VANCOUVER, British Columbia (Reuters) – A Squamish Nation lawyer told a Canadian Court on Tuesday that the government delayed sharing critical documents about spill risks related to expanding its oil pipeline, in some cases waiting until after the conclusion of consultations with indigenous communities.

The Squamish Nation received government reports on the impact of marine spills from an expanded Trans Mountain pipeline only after the government's consultations with its officials had concluded in June, Michelle Bradley, a lawyer for Squamish said in the Federal Court of Appeal in Vancouver.

When it did receive the reports – peer reviews of indigenous groups' expert reports – Squamish discovered too late for discussion that the government's own scientists agreed with the communities that much is not understood about how spilled bitumen would react in bodies of water.

The hearing began on Monday and is scheduled to last through Wednesday.

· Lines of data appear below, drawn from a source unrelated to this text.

(* Let $U$ be a linear subspace of $L_2(\mathcal{X},\mathcal{Y},\mu)$ that is closed under $\mathcal{Q}$, i.e. $\mathcal{Q}U\subset U$. Define $S=\{f\in U: f \text{ is } \mathcal{G}\text{-equivariant}\}$ and $A=\{f\in U:\mathcal{Q}f=0\}$. Then $U$ admits the orthogonal decomposition $U=S\oplus A$, orthogonality being with respect to $\langle\cdot,\cdot\rangle_\mu$.
   Context: $\mathcal{G}$ is a compact, second countable, Hausdorff topological group with its Borel $\sigma$-algebra and Haar probability measure $\lambda$ ($\lambda(\mathcal{G})=1$). $\mathcal{X}$ is a nonempty Polish space with its Borel $\sigma$-algebra, on which $\mathcal{G}$ acts measurably, $(g,x)\mapsto gx$. $\mathcal{Y}=\mathbb{R}^k$ with an inner product $\langle\cdot,\cdot\rangle$ and induced norm $\|\cdot\|$, on which $\mathcal{G}$ acts by a measurable linear representation $\psi$ that is unitary: $\langle\psi(g)a,\psi(g)b\rangle=\langle a,b\rangle$ for all $a,b,g$; write $gy=\psi(g)y$. $\mu$ is a $\mathcal{G}$-invariant Borel probability measure on $\mathcal{X}$ (if $X\sim\mu$ then $gX\sim\mu$ for all $g$). $L_2(\mathcal{X},\mathcal{Y},\mu)$ is the Hilbert space of $\mu$-a.e. equivalence classes of measurable $f:\mathcal{X}\to\mathcal{Y}$ with $\|f\|_\mu^2=\int\|f(x)\|^2d\mu(x)<\infty$, inner product $\langle f,h\rangle_\mu=\int_\mathcal{X}\langle f(x),h(x)\rangle d\mu(x)$. A function $f$ is $\mathcal{G}$-equivariant if $f(gx)=\psi(g)f(x)$ for all $g\in\mathcal{G},x\in\mathcal{X}$. The averaging operator is $\mathcal{Q}f(x)=\int_\mathcal{G}\psi(g^{-1})f(gx)\,d\lambda(g)$. *)

From HB Require Import structures.
From mathcomp Require Import all_boot all_order all_algebra.
From mathcomp Require Import all_classical all_reals all_analysis.
Set Implicit Arguments. Unset Strict Implicit. Unset Printing Implicit Defensive.
Import Order.TTheory GRing.Theory Num.Theory.
Import numFieldNormedType.Exports.
Local Open Scope classical_set_scope.
Local Open Scope ring_scope.

Definition borel (T : ptopologicalType) := g_sigma_algebraType (@open T).

Definition topological_group (T : topologicalType)
    (mul : T -> T -> T) (inv : T -> T) (one : T) : Prop :=
  [/\ (forall a b c, mul a (mul b c) = mul (mul a b) c),
      (forall a, mul one a = a /\ mul a one = a),
      (forall a, mul (inv a) a = one /\ mul a (inv a) = one),
      continuous (fun p : T * T => mul p.1 p.2)
    & continuous inv].

Definition polish_space (R : realType) (X : topologicalType) : Prop :=
  (exists D : set X, countable D /\ closure D = setT) /\
  exists d : X -> X -> R,
    [/\ (forall x y, d x y = 0 <-> x = y),
        (forall x y, d x y = d y x),
        (forall x y z, d x z <= d x y + d y z),
        (forall A : set X, open A <->
           (forall x, A x -> exists2 e : R, 0 < e & [set y | d x y < e] `<=` A))
      & (forall u : nat -> X,
           (forall e : R, 0 < e -> exists N, forall m n, (N <= m)%N -> (N <= n)%N ->
              d (u m) (u n) < e) ->
           exists l, (fun n => d (u n) l : R) @ \oo --> (0 : R))].

(* Haar probability measure on the compact group: a probability measure on the
   Borel sets which is invariant under left and right translations and under
   inversion (the latter two are automatic for Haar measure on a compact group). *)
Definition haar_probability (R : realType) (G : ptopologicalType)
    (mul : G -> G -> G) (inv : G -> G) (lam : probability (borel G) R) : Prop :=
  forall A : set (borel G), measurable A ->
    [/\ (forall g : G, lam ((fun h : borel G => mul g h) @^-1` A) = lam A),
        (forall g : G, lam ((fun h : borel G => mul h g) @^-1` A) = lam A)
      & lam ((fun h : borel G => inv h) @^-1` A) = lam A].

Definition inner_product (R : realType) (k : nat)
    (ip : 'cV[R]_k -> 'cV[R]_k -> R) : Prop :=
  [/\ (forall a b, ip a b = ip b a),
      (forall (c : R) a b d, ip (c *: a + b) d = c * ip a d + ip b d)
    & (forall a, a != 0 -> 0 < ip a a)].

Section L2.
Context {d : measure_display} {X : measurableType d} {R : realType} {k : nat}.

(* measurable function X -> R^k (Borel on R^k = componentwise measurability) *)
Definition vmeasurable (f : X -> 'cV[R]_k) : Prop :=
  forall i : 'I_k, measurable_fun setT (fun x => f x i ord0).

(* f is (a representative of an element) in L_2(X, R^k, mu) *)
Definition inL2 (mu : {measure set X -> \bar R}) (ip : 'cV[R]_k -> 'cV[R]_k -> R)
    (f : X -> 'cV[R]_k) : Prop :=
  vmeasurable f /\ mu.-integrable setT (fun x => (ip (f x) (f x))%:E).

Definition L2inner (mu : {measure set X -> \bar R}) (ip : 'cV[R]_k -> 'cV[R]_k -> R)
    (f h : X -> 'cV[R]_k) : \bar R :=
  (\int[mu]_x (ip (f x) (h x))%:E)%E.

The court agreed in September to consider concerns from four indigenous groups that the government's consultations this year were insufficient.

The legal challenge is the latest for Trans Mountain, which is one of several stalled pipeline expansions proposed to ease congested export channels.

"Information was disclosed far too late," Bradley said. "It took place in a flurry of activity at the very end or even after the consultative process."

The Canadian government is scheduled to argue its position later on Tuesday.

The Trans Mountain expansion would nearly triple capacity to move 890,000 barrels of oil per day from Alberta to a port terminal near Vancouver. Construction continues despite the court challenge.